There’s a fascinating 2004 article at Counterpunch by Robin Blackburn called “How Monica Lewinsky Saved Social Security” (h/t Matt Stoller). The gist is that Clinton and crew wanted to do what Obama’s trying to do, but in Clinton’s case he Wienered himself.
Our 2011 route to salvation will probably have to be different. But the list of names that turns up in the article is (as they say) “ripped from the headlines.” Here’s a taste (my emphasis):
Had it not been for Monica’s captivating smile and first inviting snap of that famous thong, President Bill Clinton would have consummated the politics of triangulation, heeding the counsel of a secret White House team and deputy treasury secretary Larry Summers. Late in 1998 or in the State of the Union message of 1999 a solemn Clinton would have told Congress and the nation that, just like welfare, Social Security was near-broke, had to be “reformed” and its immense pool of capital tendered in part to the mutual funds industry. The itinerary mapped out for Clinton by the Democratic Leadership Committee would have been complete. …
We have this on the authority of high-ranking members of the Clinton Treasury who gathered in Harvard in the summer of 2001 to mull over the lessons of the 1990s. At that conclave it was revealed that on Clinton’s orders a top secret White House working party had been established to study in detail the basis for a bipartisan policy on Social Security that would splice individual accounts into the program. Such was the delicacy of this exercise that meetings of the group were flagged under the innocent rubric “Special Issues” on the White House agenda. …
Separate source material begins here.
(* Let $n\ge2$, $R>0$, $g(R)\in\mathbb{R}$. Suppose $f\in C^0((0,R))$ and $f\ge0$ in $(0,R)$, $f\not\equiv0$. Let $u^\varepsilon$ be the unique monotone increasing classical solution of problem $(P_\varepsilon)$, and define $w^\varepsilon=r^{n-1}u^\varepsilon_r$ and $v^\varepsilon=\Delta u^\varepsilon=u^\varepsilon_{rr}+\frac{n-1}{r}u^\varepsilon_r$. Then, at least for sufficiently small $\varepsilon>0$, there hold: (i) $\|u^\varepsilon\|_{C^0([0,R])}+\int_0^R|u^\varepsilon_r|^n\,dr\le C_0$; (ii) $\|u^\varepsilon\|_{C^1([0,R])}+\|w^\varepsilon\|_{C^0([0,R])}\le C_1$; (iii) $\|w^\varepsilon_r\|_{C^0([0,R])}\le C_2/\varepsilon$; (iv) $\|v^\varepsilon\|_{C^0([r_0,R])}\le \frac{C_3}{\varepsilon r_0^{n-1}}$ for all $0<r_0\le R$; (v) $\|v^\varepsilon_r\|_{C^0([r_0,R])}\le\frac{C_4}{\varepsilon r_0^{(n-1)^2}}$ for all $0<r_0\le R$; (vi) $\int_0^R|w^\varepsilon_r|^2dr+\int_0^Rr^{2(n-1)}|v^\varepsilon|^2dr\le C_5/\varepsilon$; (vii) $\varepsilon\int_0^Rr^{n-2-\alpha}|v^\varepsilon|^2dr+\int_0^Rr^{-\alpha}(u^\varepsilon_r)^nv^\varepsilon\,dr\le C_6/\varepsilon$ for all $\alpha<n-1$; (viii) $\varepsilon\int_0^Rr^{n-1}|v^\varepsilon_r|^2dr+\int_0^R(u^\varepsilon_r)^{n-1}|v^\varepsilon|^2dr\le C_7/\varepsilon$ for $n\ge3$; (ix) $\varepsilon\int_0^Rr^{2-\alpha}|v^\varepsilon_r|^2dr+\int_0^Rr^{1-\alpha}u^\varepsilon_r|v^\varepsilon|^2dr\le C_8/\varepsilon$ for $n=2$, $\alpha<1$; where $C_j=C_j(R,f,n)>0$, $j=0,\dots,8$, are $\varepsilon$-independent constants.
   Context: Subscripts $r$ denote $r$-derivatives. Problem $(P_\varepsilon)$, $\varepsilon>0$: $-\frac{\varepsilon}{r^{n-1}}\Big(r^{n-1}\Big(\frac{1}{r^{n-1}}(r^{n-1}u^\varepsilon_r)_r\Big)_r\Big)_r+\frac{1}{n r^{n-1}}((u^\varepsilon_r)^n)_r=f$ in $(0,R)$, $u^\varepsilon(R)=g(R)$, $u^\varepsilon_r(0)=0$, $|u^\varepsilon_{rr}(0)|<\infty$, $|u^\varepsilon_{rrr}(r)|=o(r^{-(n-1)})$ as $r\to0^+$, $u^\varepsilon_{rr}(R)+\frac{n-1}{R}u^\varepsilon_r(R)=\varepsilon$ (a classical solution satisfies these pointwise). *)

From Stdlib Require Import Reals.
From Coquelicot Require Import Coquelicot.
Open Scope R_scope.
The “Special Issues” secret team was set up by then-Deputy Treasury Secretary Larry Summers (later elevated to Treasury Secretary and now President of Harvard) and Gene Sperling, the head of the Council of Economic Advisers.
A similar piece by Jane Hamsher (one almost identically titled) adds other names, including:
By 1997, Bill Clinton felt he had the upper hand with Congress and it was time for him to make historic moves. He had replaced Leon Panetta as Chief of Staff with investment banker Erskine Bowles late in his first term, and as author Steven Gillon tells the tale, Bowles brought a sense of order to the White House. Bowles planned to return to the private sector as Clinton’s second term began, but Bill and Hillary implored him to stay on for one final task: “fixing” Social Security.
The list, of course, includes Bill Clinton himself. You remember Clinton, don’t you? He’s this guy:
Can’t know the players without a scorecard.